Infanticide: Female tramps and big swinging balls

Infanticide: Female tramps and big swinging balls

Females combat infanticide with promiscuity

Infanticide, the killing of children, is a disturbingly common activity among males in several species of mammals. A new study reveals why it happens, but more importantly how females have learned to stop it: It all has to do with male competition, female promiscuity and who has the biggest testicles.

“In species in which infanticide occurs, testis size increases over generations, suggesting that females are more and more promiscuous to confuse paternity,” said lead author Dr Dieter Lukas, from University of Cambridge’s Department of Zoology.

The scenario goes as follows: Within a group of animals (say, baboons, or lions) one male tends to be the alpha and as such has mating priority with all females. Other males will eventually challenge, either when they reach maturity or the alpha male reaches old age. When they successfully usurp the alpha, they want to mate, but females with offspring typically aren’t capable of immediate reproduction.
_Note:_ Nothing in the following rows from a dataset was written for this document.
Lemma matchings_differ :
  M' != M -> exists v0, [/\ v0 \in W, black v0 & m v0 != m' v0].
Proof.
move=> neqM.
case: (boolP [exists v, [&& v \in W, black v & m v != m' v]]).
  by case/existsP=> v /and3P[]; exists v.
rewrite negb_exists => /forallP same; case/eqP: neqM.
have agree v : v \in W -> black v -> m v = m' v.
  by move=> vW bv; apply/eqP; move: (same v); rewrite vW bv negbK.
by apply/eqP; rewrite eqEsubset !matching_subset // => v vW bv; rewrite agree.
Qed.

Definition alt v := if black v then m v else m' v.
Definition alt_inv v := if black v then m' v else m v.

Lemma altK : cancel alt alt_inv.
Proof.
move=> v; case: (boolP (v \in W)) => vW; case: (boolP (black v)) => bv.
- by rewrite /alt bv /alt_inv (partner_colour HM) // bv /= partnerK.
- by rewrite /alt (negbTE bv) /alt_inv (partner_colour HM') // (negbTE bv) /= partnerK.
- by rewrite /alt bv /alt_inv (partner_out HM) // bv partner_out.
- by rewrite /alt (negbTE bv) /alt_inv (partner_out HM') // (negbTE bv) partner_out.
Qed.

Lemma alt_invK : cancel alt_inv alt.
Proof.
move=> v; case: (boolP (v \in W)) => vW; case: (boolP (black v)) => bv.
- by rewrite /alt_inv bv /alt (partner_colour HM') // bv /= partnerK.
- by rewrite /alt_inv (negbTE bv) /alt (partner_colour HM) // (negbTE bv) /= partnerK.
- by rewrite /alt_inv bv /alt (partner_out HM') // bv partner_out.
- by rewrite /alt_inv (negbTE bv) /alt (partner_out HM) // (negbTE bv) partner_out.
Qed.

Lemma alt_inj : injective alt. Proof. exact: can_inj altK. Qed.

Lemma alt_in v : v \in W -> alt v \in W.
Proof. by move=> vW; rewrite /alt; case: ifP => _; apply: partner_in. Qed.

Lemma alt_edge v : v \in W -> [set v; alt v] \in E.
Proof.
by move=> vW; rewrite /alt; case: ifP => _;
  [apply: (matching_edge HM) | apply: (matching_edge HM')]; apply: partner_edge.
Qed.

Lemma alt_colour v : v \in W -> black (alt v) = ~~ black v.
Proof. by move=> vW; rewrite /alt; case: ifP => bv; rewrite partner_colour ?bv. Qed.

Lemma alt_period2 v :
  v \in W -> black v -> (alt (alt v) == v) = (m v == m' v).
Proof.
move=> vW bv; rewrite {2}/alt bv /alt partner_colour // bv /=.
apply/eqP/eqP => [twice|->]; last exact: partnerK.
by rewrite -{2}twice partnerK.
Qed.

Section AlternatingCycle.
Variable v0 : vtx N.
Hypotheses (v0W : v0 \in W) (bv0 : black v0) (mv0 : m v0 != m' v0).

Local Notation C := (orbit alt v0).

Lemma alt_cycle_in z : z \in C -> z \in W.
Proof. by rewrite -fconnect_orbit => /iter_findex <-; elim: findex => //= n; apply: alt_in. Qed.

Lemma alt_cycle_fconnect y z : y \in C -> z \in C -> fconnect alt y z.
Proof.
rewrite -!fconnect_orbit => v0y v0z.
by apply: connect_trans v0z; rewrite (fconnect_sym alt_inj).
Qed.

Lemma alt_cycle_alt z : z \in C -> alt z \in C.
Proof. exact: mem_orbit. Qed.

Lemma alt_cycle_alt_inv z : z \in C -> alt_inv z \in C.
Proof.
rewrite -!fconnect_orbit => v0z; apply: connect_trans v0z _.
by rewrite (fconnect_sym alt_inj) -{2}(alt_invK z) fconnect1.
Qed.

Lemma alt_cycle_partner z : z \in C -> m z \in C.
Proof.
move=> zC; case: (boolP (black z)) => bz.
  by have := alt_cycle_alt zC; rewrite /alt bz.
by have := alt_cycle_alt_inv zC; rewrite /alt_inv (negbTE bz).
Qed.

Lemma alt_cycle_disagree z : z \in C -> black z -> m z != m' z.
Proof.
move=> zC bz; have zW := alt_cycle_in zC.
rewrite -(alt_period2 zW bz); apply/negP => /eqP twice.
case/orP: (fconnect_period2 twice (alt_cycle_fconnect zC (in_orbit _ v0))) => /eqP v0z.
  by move: mv0; rewrite v0z -(alt_period2 zW bz) twice eqxx.
by move: bv0; rewrite v0z alt_colour // bz.
Qed.

Lemma alt_cycle_edge_notin z : z \in C -> black z -> [set z; m z] \notin M'.
Proof.
move=> zC bz; apply/negP => zM'.
have : m z \in [set z; m' z] by rewrite -(partner_uniq HM' zM' (set21 _ _)) set22.
case/set2P=> [mzz|]; last by apply/eqP; apply: alt_cycle_disagree.
by move: (partner_colour HM (alt_cycle_in zC)); rewrite mzz; case: (black z).
Qed.

(* v0, alt v0 and alt (alt v0) are three distinct vertices of the cycle. *)
Lemma alt_cycle_size : 2 < size C.
Proof.
have b1 : black (alt v0) = false by rewrite alt_colour // bv0.
have b2 : black (alt (alt v0)) = true by rewrite alt_colour ?alt_in // b1.
have n02 : alt (alt v0) != v0 by rewrite alt_period2.
have U : uniq [:: v0; alt v0; alt (alt v0)].
  rewrite /= !inE negb_or [v0 == alt (alt v0)]eq_sym n02 !andbT.
  apply/andP; split.
    by apply/eqP => v01; move: b1; rewrite -v01 bv0.
  by apply/eqP => v12; move: b2; rewrite -v12 b1.
apply: (uniq_leq_size U) => x; rewrite !inE.
by case/or3P=> /eqP ->; rewrite ?alt_cycle_alt ?in_orbit.
Qed.

Lemma next_alt_cycle z : z \in C -> next C z = alt z.
Proof. by move=> zC; apply/esym/eqP; apply: (next_cycle (cycle_orbit alt_inj v0)). Qed.

Lemma alt_graph_cycle : graph_cycle E C.
Proof.
rewrite /graph_cycle orbit_uniq alt_cycle_size /=; apply/allP => z zC.
by rewrite next_alt_cycle // alt_edge // alt_cycle_in.
Qed.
In order to change that, they’ll kill the former alpha’s offspring, thereby inducing fertility in the females.

That’s a terrible thing, but females develop a simple (and fun sounding) mitigation strategy: Promiscuity.

“Once sperm competition has become so intense that no male can be certain of his own paternity, infanticide disappears – since males face the risk of killing their own offspring, and might not get the benefit of siring the next offspring,” said Dr Lukas.

Basically, the females increase the odds of infant survival by mating with as many males as possible. By doing so, paternity becomes a crapshoot, and it isn’t worth it for the new alpha of the group to start killing offspring at the risk of cutting his own bloodline.

Not content to let the females have their way, males have evolved to compensate. Since mating occurs at a higher clip, sperm production significantly increases a given male’s chances of siring offspring. That’s why, in species where this behavior has been observed, the males tend to have larger testicles.

The data supports this: Bonobos and chimpanzees are very closely related species, yet their rates of infanticide are night and day – Male chimpanzees have been observed killing adolescents, where bonobos have not. It’s no surprise, then, that male bonobos’ testicles are on average 15% larger than those of their chimpanzee cousins. The same goes for male Canadian Townsend voles, who don’t commit infanticide and whose testes are a whopping 50% larger than their North American meadow vole relatives.

“While it had previously been suggested that infanticide might be an evolutionary driver in mammalian societies – leading to females allying themselves with other females or forming bonds with a specific male in order to defend their offspring – we’ve now shown that this isn’t the case: male infanticide is a consequence of variation in sociality, most commonly occurring in species where both sexes live together in stable groups,” said Lukas.